Additional Information
- Discovered: Bart Bok, 1940s

= Bok globule =

Isolated, small, and opaque nebula

In astronomy, Bok globules are isolated and relatively small dark nebulae containing dense cosmic dust and gas from which star formation may take place. Bok globules are found within H II regions, and typically have a mass of about two to 50 solar masses contained within a region about a light year or so across (about 4.5×10^47 m3). They contain molecular hydrogen (H_{2}), carbon oxides and helium, and around 1% (by mass) silicate dust. Bok globules most commonly result in the formation of double- or multiple-star systems.

== History ==
Bok globules were first observed by astronomer Bart Bok in the 1940s. In an article published in 1947, he and Edith F. Reilly hypothesized that these clouds were "similar to insect's cocoons" that were undergoing gravitational collapse to form new stars, from which stars and star clusters were born.
This hypothesis was difficult to verify due to the observational difficulties of establishing what was happening inside a dense dark cloud that obscured all visible light emitted from within it.

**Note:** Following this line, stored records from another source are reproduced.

(* Let $k\ge3$, let $G$ be a graph, and let $L$ be a $k$-list assignment for $G$. Let $S=G[\{v_1,\dots,v_s\}]$ be an induced subgraph with $s\le k$. If for every $i\in\{1,\dots,s\}$ the number of neighbors of $v_i$ in $V(G)\setminus V(S)$ is less than $i$, then $S$ is safe in $G$ (with respect to $L$).
   Context: A $k$-list assignment $L$ for $G$ assigns to each vertex $v$ a set $L(v)$ of exactly $k$ colors; an $L$-coloring is a proper vertex coloring $f$ with $f(v)\in L(v)$. For an integer $n$ and $k\ge1$, $n\bmod^* k$ is the unique $m\in\{1,\dots,k\}$ with $n\equiv m\pmod k$. If $|V(G)|=n\ge 1$, an $L$-coloring $f$ of $G$ is strongly equitable (SE) if every color class has at most $\lceil n/k\rceil$ vertices and the number of colors whose class has exactly $\lceil n/k\rceil$ vertices (the full classes) is at most $n\bmod^* k$; the empty graph is regarded as SE $L$-colorable. A subgraph $S\subseteq G$ is safe in $G$ if every SE $L$-coloring of $G-V(S)$ (with the restriction of $L$) can be extended to an SE $L$-coloring of $G$. *)

From mathcomp Require Import all_boot.
Set Implicit Arguments. Unset Strict Implicit. Unset Printing Implicit Defensive.

Definition simple_graph (T : finType) (e : rel T) : Prop :=
  symmetric e /\ irreflexive e.

Definition k_list_assignment (T C : finType) (k : nat) (L : T -> {set C}) : Prop :=
  forall v, #|L v| = k.

Definition modstar (n k : nat) : nat := if n %% k == 0 then k else n %% k.

Definition ceildiv (n k : nat) : nat := (n + k.-1) %/ k.

Definition L_coloring (T C : finType) (e : rel T) (L : T -> {set C})
    (U : {set T}) (f : T -> C) : Prop :=
  (forall v, v \in U -> f v \in L v) /\
  (forall u v, u \in U -> v \in U -> e u v -> f u != f v).

Definition color_class (T C : finType) (U : {set T}) (f : T -> C) (c : C) : {set T} :=
  [set v in U | f v == c].

Definition SE_coloring (T C : finType) (k : nat) (e : rel T) (L : T -> {set C})
    (U : {set T}) (f : T -> C) : Prop :=
  L_coloring e L U f /\
  (U = set0 \/
   ((forall c, #|color_class U f c| <= ceildiv #|U| k) /\
    #|[set c : C | #|color_class U f c| == ceildiv #|U| k]| <= modstar #|U| k)).

Definition safe (T C : finType) (k : nat) (e : rel T) (L : T -> {set C})
    (S : {set T}) : Prop :=
  forall f : T -> C, SE_coloring k e L (~: S) f ->
    exists g : T -> C, SE_coloring k e L setT g /\ (forall v, v \notin S -> g v = f v).

From mathcomp Require Import all_boot zify.
Set Implicit Arguments. Unset Strict Implicit. Unset Printing Implicit Defensive.

(* Extend an SE colouring f of G - S by giving the v_i pairwise distinct colours c_i from
   L(v_i) that avoid the f-colours of their outside neighbours.  Choosing c_i from i = s
   down to 1, v_i has fewer than i forbidden neighbour colours and s - i colours already
   used, so at least k - s + 1 candidates remain, and a colour whose class was already
   full is taken only when all candidates are full.  Hence at most
   (#full - (k - s)) full classes grow.  Writing |G - S| = a k + r with 0 < r <= k, the
   classes still have size at most a + 1 and at most r + s of them are full when
   r + s <= k; otherwise the maximum becomes a + 2, reached only by the grown full classes,
   of which there are at most r + s - k. *)

Lemma ceildiv_mulDr k a b : 0 < b <= k -> ceildiv (a * k + b) k = a.+1.
Proof.
move=> b_range; rewrite /ceildiv.
have -> : a * k + b + k.-1 = a.+1 * k + b.-1 by rewrite mulSnr; lia.
by rewrite divnMDl ?divn_small ?addn0 //; lia.
Qed.

Lemma modstar_mulDr k a b : 0 < b <= k -> modstar (a * k + b) k = b.
Proof.
move=> /andP[b_gt0 b_le_k]; rewrite /modstar modnMDl.
have [b_lt_k | b_ge_k] := ltnP b k.
  by rewrite modn_small // ifN // -lt0n.
have -> : b = k by lia.
by rewrite modnn.
Qed.

Lemma predn_divn_eq n k : 0 < n -> n = n.-1 %/ k * k + (n.-1 %% k).+1.
Proof. by move=> n_gt0; rewrite addnS -divn_eq prednK. Qed.

Definition full_colors (C : finType) (n k : nat) (cnt : C -> nat) : {set C} :=
  [set c | cnt c == ceildiv n k].

(* The size condition of [SE_coloring] for the class-size function [cnt]; the non-empty
   disjunct of [SE_coloring U f] is [se_counts #|U| k (fun c => #|color_class U f c|)]. *)
Definition se_counts (C : finType) (n k : nat) (cnt : C -> nat) : Prop :=
  (forall c, cnt c <= ceildiv n k) /\ #|full_colors n k cnt| <= modstar n k.

Section ExtendCounts.

Variables (C : finType) (k : nat) (cnt' : C -> nat) (I : {set C}).

Lemma se_counts_extend0 :
  0 < #|I| <= k -> (forall c, cnt' c = (c \in I)) -> se_counts #|I| k cnt'.
Proof.
move=> I_range cntE; have := ceildiv_mulDr 0 I_range; have := modstar_mulDr 0 I_range.
rewrite /se_counts /full_colors mul0n add0n => -> ->; split=> [c | ]; first by rewrite cntE leq_b1.
by apply: subset_leq_card; apply/subsetP => c; rewrite inE cntE eqb1.
Qed.

Lemma se_counts_extend (n : nat) (cnt : C -> nat) :
  0 < n -> 0 < k -> #|I| <= k -> se_counts n k cnt ->
  #|full_colors n k cnt :&: I| <= #|full_colors n k cnt| - (k - #|I|) ->
  (forall c, cnt' c = cnt c + (c \in I)) ->
  se_counts (n + #|I|) k cnt'.
Proof.
move=> n_gt0 k_gt0 I_le_k [cnt_le F_le] FI_le cntE.
have r_range : 0 < (n.-1 %% k).+1 <= k by rewrite ltn_pmod.
move: (n.-1 %/ k) (n.-1 %% k).+1 r_range (predn_divn_eq k n_gt0) => a r r_range nE.
rewrite /full_colors nE ceildiv_mulDr // modstar_mulDr // in cnt_le F_le FI_le.
set F := [set c | cnt c == a.+1] in F_le FI_le.
rewrite /se_counts /full_colors nE -addnA.
(* Either the maximal size stays a.+1, and then no colour of [I] was full, or it becomes
   a.+2, and then only full colours of [I] reach it. *)
have [small | large] := leqP (r + #|I|) k.
  have r'_range : 0 < r + #|I| <= k by lia.
  rewrite ceildiv_mulDr // modstar_mulDr //.
  have FI0 : F :&: I = set0 by apply: cards0_eq; lia.
  have notF c : c \in I -> cnt c != a.+1.
    move=> cI; apply/eqP => cF.
    have : c \in F :&: I by rewrite !inE cF eqxx.
    by rewrite FI0 inE.
  split=> [c | ].
    rewrite cntE; case: (boolP (c \in I)) => [cI | _]; last by rewrite addn0.
    by have := notF c cI; have := cnt_le c; lia.
  apply: leq_trans (subset_leq_card (_ : _ \subset F :|: I)) _.
    apply/subsetP => c; rewrite !inE cntE.
    by case: (boolP (c \in I)) => cI; rewrite ?orbT // addn0 orbF.
  by rewrite cardsU FI0 cards0 subn0 leq_add2r.
have nE' : a * k + (r + #|I|) = a.+1 * k + (r + #|I| - k) by rewrite mulSnr; lia.
have r'_range : 0 < r + #|I| - k <= k by lia.
rewrite nE' ceildiv_mulDr ?modstar_mulDr //; split=> [c | ].
  by rewrite cntE; have := cnt_le c; have := leq_b1 (c \in I); lia.
apply: leq_trans (subset_leq_card (_ : _ \subset F :&: I)) _; last by lia.
apply/subsetP => c; rewrite !inE cntE.
by case: (c \in I); have := cnt_le c; rewrite ?andbF ?andbT; lia.
Qed.

End ExtendCounts.

Lemma exists_fresh_few_in (C : finType) (d : nat) (B I F : {set C}) :
  d < #|B :\: I| -> #|F :&: I| <= #|F| - d ->
  exists2 x, x \in B :\: I & #|F :&: (x |: I)| <= #|F| - d.
Proof.
(* Prefer a candidate outside [F]; if there is none, all candidates are full colours
   not yet in [I], and they pay for the one taken. *)
move=> B_big FI_le.
have [BI_F | /subsetPn[x x_BI x_F]] := boolP (B :\: I \subset F); last first.
  exists x => //; rewrite setIUr (_ : F :&: [set x] = set0) ?set0U //.
  by apply/setP => y; rewrite !inE; case: eqP => [-> | _]; rewrite ?andbF ?(negbTE x_F).
have [x x_BI] : exists x, x \in B :\: I by apply/card_gt0P; lia.
exists x => //; rewrite setIUr; apply: leq_trans (leq_card_setU _ _) _.
have : #|F :&: I| + #|B :\: I| <= #|F|.
  rewrite -(cardsID I F) leq_add2l; apply/subset_leq_card/subsetP => y y_BI.
  by rewrite inE (subsetP BI_F) // andbT; move: y_BI; rewrite inE => /andP[].
by have := subset_leq_card (subsetIr F [set x]); rewrite cards1; lia.
Qed.

Section ConsOrd.

Variables (C : finType) (s : nat) (x : C) (c : 'I_s -> C).

Definition cons_ord (i : 'I_s.+1) : C := oapp c x (unlift ord0 i).

Lemma cons_ord0 : cons_ord ord0 = x.
Proof. by rewrite /cons_ord unlift_none. Qed.

Lemma cons_ord_lift j : cons_ord (lift ord0 j) = c j.
Proof. by rewrite /cons_ord liftK. Qed.

Lemma imset_cons_ord : [set cons_ord i | i : 'I_s.+1] = x |: [set c j | j : 'I_s].
Proof.
apply/setP => y; apply/imsetP/setU1P => [[i _ ->] | [-> | /imsetP[j _ ->]]].
- case: (unliftP ord0 i) => [j -> | ->]; first by right; rewrite cons_ord_lift imset_f.
  by left; rewrite cons_ord0.
- by exists ord0; rewrite ?cons_ord0.
- by exists (lift ord0 j); rewrite ?cons_ord_lift.
Qed.

Lemma cons_ord_inj :
  injective c -> x \notin [set c j | j : 'I_s] -> injective cons_ord.
Proof.
move=> c_inj x_fresh; apply: in2T; apply/imset_injP.
by rewrite imset_cons_ord cardsU1 x_fresh card_imset // !card_ord.
Qed.

End ConsOrd.

(* The value at index 0, which has the largest set [A 0], is chosen last. *)
Lemma exists_injective_choice (C : finType) (d s : nat) (A : 'I_s -> {set C})
    (F : {set C}) :
  (forall i : 'I_s, d + (s - i) <= #|A i|) ->
  exists c : 'I_s -> C, [/\ injective c, forall i, c i \in A i &
    #|F :&: [set c i | i : 'I_s]| <= #|F| - d].
Proof.
elim: s A => [|s IHs] A A_big.
  exists (@ffun0 _ (fun=> C) (card_ord 0)); split=> [[] // | [] // | ].
  apply: leq_trans (subset_leq_card (subsetIr _ _)) _.
  by apply: leq_trans (leq_imset_card _ _) _; rewrite card_ord.
have A'_big (j : 'I_s) : d + (s - j) <= #|A (lift ord0 j)|.
  by have := A_big (lift ord0 j); rewrite lift0 subSS.
have [c [c_inj c_A c_F]] := IHs _ A'_big.
have fresh_big : d < #|A ord0 :\: [set c j | j : 'I_s]|.
  have := A_big ord0; have := subset_leq_card (subsetIr (A ord0) [set c j | j : 'I_s]).
  by rewrite cardsD card_imset // card_ord subn0; lia.
have [x /setDP[x_A x_fresh] x_F] := exists_fresh_few_in fresh_big c_F.
exists (cons_ord x c); split; first exact: cons_ord_inj.
  by move=> i; case: (unliftP ord0 i) => [j -> | ->]; rewrite ?cons_ord_lift ?cons_ord0.
by rewrite imset_cons_ord.
Qed.

Lemma card_fiber_inj (I C : finType) (c : I -> C) (a : C) :
  injective c -> #|[set i | c i == a]| = (a \in [set c i | i : I]).
Proof.
move=> c_inj; case: (boolP (a \in _)) => [/imsetP[j _ ->] | a_new].
  rewrite (_ : [set i | c i == c j] = [set j]) ?cards1 //.
  by apply/setP => i; rewrite !inE (inj_eq c_inj).
rewrite (_ : [set i | c i == a] = set0) ?cards0 //; apply/setP => i; rewrite !inE.
by apply: contraNF a_new => /eqP <-; rewrite imset_f.
Qed.

Section ExtendColoring.

Variables (T C : finType) (s : nat) (v : 'I_s -> T) (c : 'I_s -> C) (f : T -> C).

Let S := [set v j | j : 'I_s].

Definition extend_on (x : T) : C :=
  if [pick j | v j == x] is Some j then c j else f x.

Hypothesis v_inj : injective v.

Lemma extend_on_image j : extend_on (v j) = c j.
Proof.
rewrite /extend_on; case: pickP => [j' /eqP/v_inj -> // | /(_ j)].
by rewrite eqxx.
Qed.

Lemma extend_on_out x : x \notin S -> extend_on x = f x.
Proof.
move=> x_out; rewrite /extend_on; case: pickP => [j /eqP v_j | //].
by case/negP: x_out; rewrite -v_j imset_f.
Qed.

Lemma extend_on_L_coloring (e : rel T) (L : T -> {set C}) :
  simple_graph e -> L_coloring e L (~: S) f ->
  (forall j, c j \in L (v j)) -> injective c ->
  (forall j u, e (v j) u -> u \notin S -> f u != c j) ->
  L_coloring e L setT extend_on.
Proof.
move=> [e_sym e_irr] [f_L f_proper] c_L c_inj c_avoids; split=> [x _ | x y _ _].
  case: (boolP (x \in S)) => [/imsetP[j _ ->] | x_out]; first by rewrite extend_on_image.
  by rewrite extend_on_out // f_L // inE.
case: (boolP (x \in S)) => [/imsetP[j _ ->] | x_out];
  case: (boolP (y \in S)) => [/imsetP[j' _ ->] | y_out] => e_xy;
  rewrite ?extend_on_image ?extend_on_out //.
- by rewrite (inj_eq c_inj); apply: contraTneq e_xy => ->; rewrite e_irr.
- by rewrite eq_sym c_avoids.
- by rewrite c_avoids // e_sym.
- by rewrite f_proper // inE.
Qed.

Lemma card_color_class_extend_on a : injective c ->
  #|color_class setT extend_on a| =
  #|color_class (~: S) f a| + (a \in [set c j | j : 'I_s]).
Proof.
move=> c_inj; rewrite -(cardsID S) addnC -(card_fiber_inj a c_inj); congr (_ + _).
  apply: eq_card => x; rewrite !inE.
  by case: (boolP (x \in S)) => x_out //; rewrite extend_on_out.
rewrite -(card_imset _ v_inj); apply: eq_card => x; rewrite !inE andTb.
apply/andP/imsetP => [[/eqP <- /imsetP[j _ ->]] | [j]].
  by exists j; rewrite // inE extend_on_image.
by rewrite inE => /eqP <- ->; rewrite extend_on_image imset_f.
Qed.

End ExtendColoring.

Lemma subset_color_class (T C : finType) (U : {set T}) (f : T -> C) (a : C) :
  color_class U f a \subset U.
Proof. by apply/subsetP => x; rewrite inE => /andP[]. Qed.

Lemma exists_distinct_list_colors (T C : finType) (e : rel T) (k s : nat)
    (L : T -> {set C}) (v : 'I_s -> T) (f : T -> C) (F : {set C}) :
  k_list_assignment k L -> s <= k ->
  (forall i : 'I_s,
     #|[set u | e (v i) u & u \notin [set v j | j : 'I_s]]| < i.+1) ->
  exists c : 'I_s -> C, [/\ injective c, forall j, c j \in L (v j),
    forall j u, e (v j) u -> u \notin [set v j | j : 'I_s] -> f u != c j &
    #|F :&: [set c j | j : 'I_s]| <= #|F| - (k - s)].
Proof.
move=> L_k s_le_k out_deg.
pose N j := [set u | e (v j) u & u \notin [set v j | j : 'I_s]].
have A_big (j : 'I_s) : k - s + (s - j) <= #|L (v j) :\: f @: N j|.
  have := subset_leq_card (subsetIr (L (v j)) (f @: N j)).
  have := leq_imset_card f (N j); have := out_deg j; have := ltn_ord j.
  by rewrite cardsD L_k /N; lia.
have [c [c_inj c_A c_F]] := exists_injective_choice F A_big.
exists c; split=> // [j | j u e_ju u_out]; first by have /setDP[] := c_A j.
have /setDP[_] := c_A j; apply: contraNneq => <-.
by rewrite imset_f // inE e_ju.
Qed.

Theorem lemma4p1 (T C : finType) (e : rel T) (k s : nat) (L : T -> {set C})
    (v : 'I_s -> T) :
  simple_graph e -> 3 <= k -> k_list_assignment k L ->
  injective v -> s <= k ->
  (forall i : 'I_s,
     #|[set u | e (v i) u & u \notin [set v j | j : 'I_s]]| < i.+1) ->
  safe k e L [set v j | j : 'I_s].
Proof.
move=> e_simple k_ge3 L_k v_inj s_le_k out_deg f [f_col f_SE].
set S := [set v j | j : 'I_s] in out_deg f_col f_SE *.
pose cnt a := #|color_class (~: S) f a|.
have [c [c_inj c_L c_avoids c_F]] :=
  exists_distinct_list_colors f (full_colors #|~: S| k cnt) L_k s_le_k out_deg.
exists (extend_on v c f); split; last exact: extend_on_out.
split; first exact: extend_on_L_coloring.
have I_card : #|[set c j | j : 'I_s]| = s by rewrite card_imset ?card_ord.
have T_card : #|[set: T]| = #|~: S| + #|[set c j | j : 'I_s]|.
  by rewrite I_card cardsT -(cardsC S) addnC card_imset ?card_ord.
have [T0 | T_gt0] := posnP #|[set: T]|; [by left; apply: cards0_eq | right].
have classE a := card_color_class_extend_on f v_inj a c_inj.
rewrite T_card; have [n0 | n_gt0] := posnP #|~: S|.
  rewrite n0 add0n; apply: se_counts_extend0 => [ | a]; first by rewrite I_card; lia.
  have := subset_leq_card (subset_color_class (~: S) f a).
  by rewrite classE n0 leqn0 => /eqP ->.
case: f_SE => [S0 | f_counts]; first by move: n_gt0; rewrite S0 cards0.
by apply: se_counts_extend f_counts _ classE; rewrite ?I_card //; lia.
Qed.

An analysis of near-infrared observations published in 1990 confirmed that stars were being born inside Bok globules. Further observations have revealed that some Bok globules contain embedded warm sources, some contain Herbig–Haro objects, and some show outflows of molecular gas. Millimeter-wave emission line studies have provided evidence for the infall of material onto an accreting protostar.
It is now thought that a typical Bok globule contains about 10 solar masses of material in a region about a light-year or so across, and that Bok globules most commonly result in the formation of double- or multiple-star systems.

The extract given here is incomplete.